Way to break through
The recession in the shoe market is not just about BELLE.
Daphne, Saturday and other domestic women's shoe giants are generally not very well off.
In the first half of 2015, Daphne's revenue fell 13.9% to HK $4 billion 374 million, and net profit plunged 98.5% to HK $2 million 500 thousand.
On Saturday, 2015 revenue fell 7.94% to 1 billion 619 million yuan, and profits fell 27.67% to 38 million 550 thousand yuan over the same period.
A large number of stores have become the choices that these brands have no choice.
In Yang Dayun, President of the excellent international fashion brand investment company, it seems that the market saturation of women's shoes is a cyclical change in the market. Under the background of overcapacity of shoes, the replication mode simply relying on store expansion has been unable to adapt to the market changes.
Compared with other enterprises, BELLE is undoubtedly the most promising breakthrough.
On the one hand, BELLE is strong in scale and capital, and more importantly, BELLE has grasped the draught of the current sports economy.
In the bottleneck of footwear business, BELLE was rewarded by sports apparel business.

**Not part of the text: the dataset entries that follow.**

Lemma mderiv_eq0_const (p : {mpoly C[n]}) :
  (forall j, p^`M(j) = 0) -> p = (p@_0%MM)%:MP.
Proof.
move=> dp0; apply/mpolyP => m; rewrite mcoeffC.
have [->|m0] := eqVneq m 0%MM; first by rewrite mulr1.
rewrite mulr0; have [i mi] : exists i, (0 < m i)%N.
  apply/existsP; apply: contraR m0 => /existsPn mi0.
  by apply/eqP/mnmP => i; rewrite mnm0E; apply/eqP; rewrite -leqn0 leqNgt mi0.
have Uim : (U_(i) <= m)%MM by apply/mnm_lepP => k; rewrite mnm1E; case: eqP => [<-|].
have := mcoeff_deriv i (m - U_(i))%MM p; rewrite dp0 mcoeff0 submK // => /esym/eqP.
by rewrite -mulr_natr mulf_eq0 ((pcharf0P C).1 C0) orbF => /eqP.
Qed.

(* If f = p / q is killed by every E_j, then E_j p = f E_j q, so f = E_j p / E_j q
   whenever E_j q != 0: induction on the size of the denominator. *)
Lemma partial_deriv_eq0_const (E : 'I_n -> L -> L) :
    (forall j a b, E j (a * b) = E j a * b + a * E j b) ->
    (forall j p, E j (toL p) = toL p^`M(j)) ->
  forall f, (forall j, E j f = 0) -> exists c : C, f = toL c%:MP.
Proof.
move=> EM EtoL f Ef.
suff sizeP k (p q : {mpoly C[n]}) :
    q != 0 -> (msize q < k)%N -> f = toL p / toL q -> exists c : C, f = toL c%:MP.
  by have [p [q [q0 fE]]] := ratfunE f; apply: (sizeP _ p q q0 (ltnSn _) fE).
elim: k p q => // k IH p q q0; rewrite ltnS => qk fE.
have fq : toL p = f * toL q by rewrite fE divfK ?toL_eq0.
have dpq j : toL p^`M(j) = f * toL q^`M(j) by rewrite -!EtoL fq EM Ef mul0r add0r.
have [j dq0|dq0] := pickP (fun j => q^`M(j) != 0).
  apply: (IH (p^`M(j)) (q^`M(j))) => //; last by rewrite dpq mulfK ?toL_eq0.
  exact: leq_trans (msize_mderiv_lt dq0) qk.
have {}dq0 j : q^`M(j) = 0 by apply/eqP; rewrite -[_ == _]negbK dq0.
have dp0 j : p^`M(j) = 0 by apply: toL_inj; rewrite dpq dq0 !rmorph0 mulr0.
rewrite (mderiv_eq0_const dq0) mpolyC_eq0 in q0.
exists (p@_0%MM / q@_0%MM); rewrite fE {1}(mderiv_eq0_const dp0) {1}(mderiv_eq0_const dq0).
apply: (mulIf (x := toL (q@_0%MM)%:MP)); first by rewrite toL_eq0 mpolyC_eq0.
by rewrite mulfVK ?toL_eq0 ?mpolyC_eq0 // -rmorphM -mpolyCM mulfVK.
Qed.

End PartialDerivatives.

Section Subfield.
Variables (C : fieldType) (n : nat) (F : ratfun C n -> Prop).
Local Notation L := (ratfun C n).
Local Notation toL := (@toL C n).
Hypothesis F_subfield : is_subfield F.

Lemma subfieldB a b : F a -> F b -> F (a - b).
Proof. by case: F_subfield => _ _ FBM _ Fa Fb; case: (FBM a b Fa Fb). Qed.

Lemma subfieldM a b : F a -> F b -> F (a * b).
Proof. by case: F_subfield => _ _ FBM _ Fa Fb; case: (FBM a b Fa Fb). Qed.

It is worth noting that there is also a ceiling in the sports market. Therefore, BELLE needs to develop the fashion business associated with footwear to drive each other, and the rich product line will help to cope with more market changes in the future.
But Yang dyun also pointed out that clothing business for BELLE is a long line business, in the short term can not receive a significant effect.
Whether it was previously acquired Baroque fashion group or the acquired FashionBox group, their business in China is very small, and the driving force for BELLE shoe business is also limited.
Take FashionBox Cowboy brand Replay as an example, the market share is very small. Compared with Levi's, LEE, G-STAR and so on, there is a big gap in popularity, influence, market share and so on.
According to the analysis, shoe business is always the core business of BELLE. The layout of apparel business is also to promote the development of shoe business.
Subject to the identity of agents, the role of sports business in improving group performance is limited. In order to achieve overall performance improvement, BELLE still needs to expand its shoe business in the future.